Gameplay — game logic: mechanics, progression, AI, saves. Works through XR layer events, unaware of XR directly.

UI — game interfaces through World Space Canvas + UGUI or custom spatial UI. Doesn't address Gameplay directly — only through events or ViewModel pattern.

Such division allows testing Gameplay logic through Unity Test Framework without XR session — through mock Core implementations.

Performance as architectural constraint

In VR every architectural decision evaluated through performance lens. 90 fps — 11 ms frame budget. Patterns harmless in regular games kill framerate in VR:

FindObjectOfType<T>() in Update — full scene scan every frame. In VR scene with 500+ objects easily 2–3 ms.

C# allocations in hot path — GC pauses noticeable in VR because dropped frame is not just "stutters", it's motion sickness trigger. In Update/FixedUpdate — zero allocations, everything through object pools and struct-based events.

Synchronous operations in main thread — resource loading, network requests. In VR everything async: AddressableAssets.LoadAssetAsync, async/await with proper synchronization context.
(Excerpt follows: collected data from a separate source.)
Definition represents (A : assignment) : Prop :=
  forall Phi e, models (B (nabla Phi e)) = maxset (models (B e)) (A Phi).
End Postulates.

(* Every nonempty set of valuations is the model set of some belief base, so an
   operator satisfying (ESF1)-(ESF8) induces a selection function X |-> [[B(nabla(Phi, E_X))]]
   on nonempty sets of valuations.  (ESF1), (ESF3) and (ESF4) are the classical rationality
   conditions (Arrow's axioms) that make this selection the choice function of the total
   preorder it reveals on pairs, w >= w' iff w is selected from {w, w'}; (ESF5)-(ESF8) then
   translate into the faithfulness conditions.  Conversely, selecting maximal elements of a
   faithful assignment satisfies the postulates, and an assignment is determined by its
   choices on pairs, which gives uniqueness. *)
From Pilot Require Import Defs.
From HB Require Import structures.
From mathcomp Require Import all_boot all_order.
From Stdlib Require Import ClassicalEpsilon FunctionalExtensionality Classical.
Set Implicit Arguments. Unset Strict Implicit. Unset Printing Implicit Defensive.

Section Semantics.
Variable P : finType.
Implicit Types (f g : form P) (X : {set valuation P}).

Lemma models_and f g : models (Fand f g) = models f :&: models g.
Proof. by apply/setP => w; rewrite !inE. Qed.

Lemma models_bot : models (@Fbot P) = set0.
Proof. by apply/setP => w; rewrite !inE. Qed.

Lemma lequivP f g : lequiv f g <-> models f = models g.
Proof.
split => [[fg gf]|fg]; last by rewrite /lequiv /entails fg.
by apply/eqP; rewrite eqEsubset fg gf.
Qed.

Lemma consistentP f : consistent f <-> models f != set0.
Proof. by rewrite /consistent /entails models_bot subset0; split => /negP. Qed.

Definition literal (w : valuation P) (x : P) : form P :=
  if w x then Fvar x else Fneg (Fvar x).

Definition char_form (w : valuation P) : form P :=
  bigconj [seq literal w x | x <- enum P].

Definition bigdisj (s : seq (form P)) : form P := foldr (@For P) Fbot s.

Definition form_of_set X : form P := bigdisj [seq char_form w | w <- enum X].

Lemma holds_bigconj v (s : seq (form P)) : holds v (bigconj s) = all (holds v) s.
Proof. by elim: s => //= f s ->. Qed.

Lemma holds_bigdisj v (s : seq (form P)) : holds v (bigdisj s) = has (holds v) s.
Proof. by elim: s => //= f s ->. Qed.

Lemma holds_char_form v w : holds v (char_form w) = (v == w).
Proof.
rewrite holds_bigconj all_map; apply/allP/eqP => [vw|->]; last first.
  by move=> x _ /=; rewrite /literal; case wx: (w x) => /=; rewrite wx.
apply/ffunP => x; have := vw x; rewrite mem_enum /= /literal => /(_ isT).
by case: (w x) => /=; case: (v x).
Qed.

Lemma models_form_of_set X : models (form_of_set X) = X.
Proof.
apply/setP => v; rewrite inE holds_bigdisj has_map.
apply/hasP/idP => [[w wX /=]|vX]; first by rewrite holds_char_form => /eqP ->; rewrite -mem_enum.
by exists v; rewrite ?mem_enum //= holds_char_form.
Qed.

Lemma epistemic_space_models (E : Type) (B : E -> form P) :
  epistemic_space B -> forall X, X != set0 -> exists e, models (B e) = X.
Proof.
move=> [_ [_ realize]] X X0.
have /realize[e /lequivP eX] : consistent (form_of_set X).
  by apply/consistentP; rewrite models_form_of_set.
by exists e; rewrite eX models_form_of_set.
Qed.

End Semantics.

Lemma setI_neq0 (T : finType) (X Z : {set T}) :
  X :&: Z != set0 -> X != set0 /\ Z != set0.
Proof. by case/set0Pn => x; rewrite inE => /andP[xX xZ]; split; apply/set0Pn; exists x. Qed.

Lemma set2_neq0 (T : finType) (x y : T) : [set x; y] != set0.
Proof. by apply/set0Pn; exists x; rewrite !inE eqxx. Qed.

Lemma setI_set2 (T : finType) (X : {set T}) x y :
  x \in X -> y \in X -> X :&: [set x; y] = [set x; y].
Proof. by move=> xX yX; apply/setIidPr/subsetP => z; rewrite !inE => /orP[] /eqP ->. Qed.

Section Maxset.
Variable P : finType.
Implicit Types (X Z : {set valuation P}) (R : rel (valuation P)).

Lemma maxset_set2 R w w' : total R -> R w w' = (w \in Defs.maxset [set w; w'] R).
Proof.
move=> totR; rewrite inE !inE eqxx /=.
have Rww : R w w by have := totR w w; rewrite orbb.
apply/idP/forall_inP => [Rww' x|/(_ w')]; last by rewrite !inE eqxx orbT; apply.
by rewrite !inE => /orP[] /eqP ->.
Qed.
Job System and DOTS for VR projects with many physics objects or NPCs — not just optimization, architectural requirement. IJobParallelFor for vectorizable calculations unloads main thread 30–50% typical scenarios.

Volume Timeline
MVP architecture (one platform, 3–5 modules) 1–2 weeks
Multiplatform architecture (3+ SDK) 3–4 weeks
Full architecture with multiplayer and save system 4–6 weeks

Design includes documentation, dependency diagrams and proof-of-concept implementation of critical modules. Cost calculated after requirements analysis.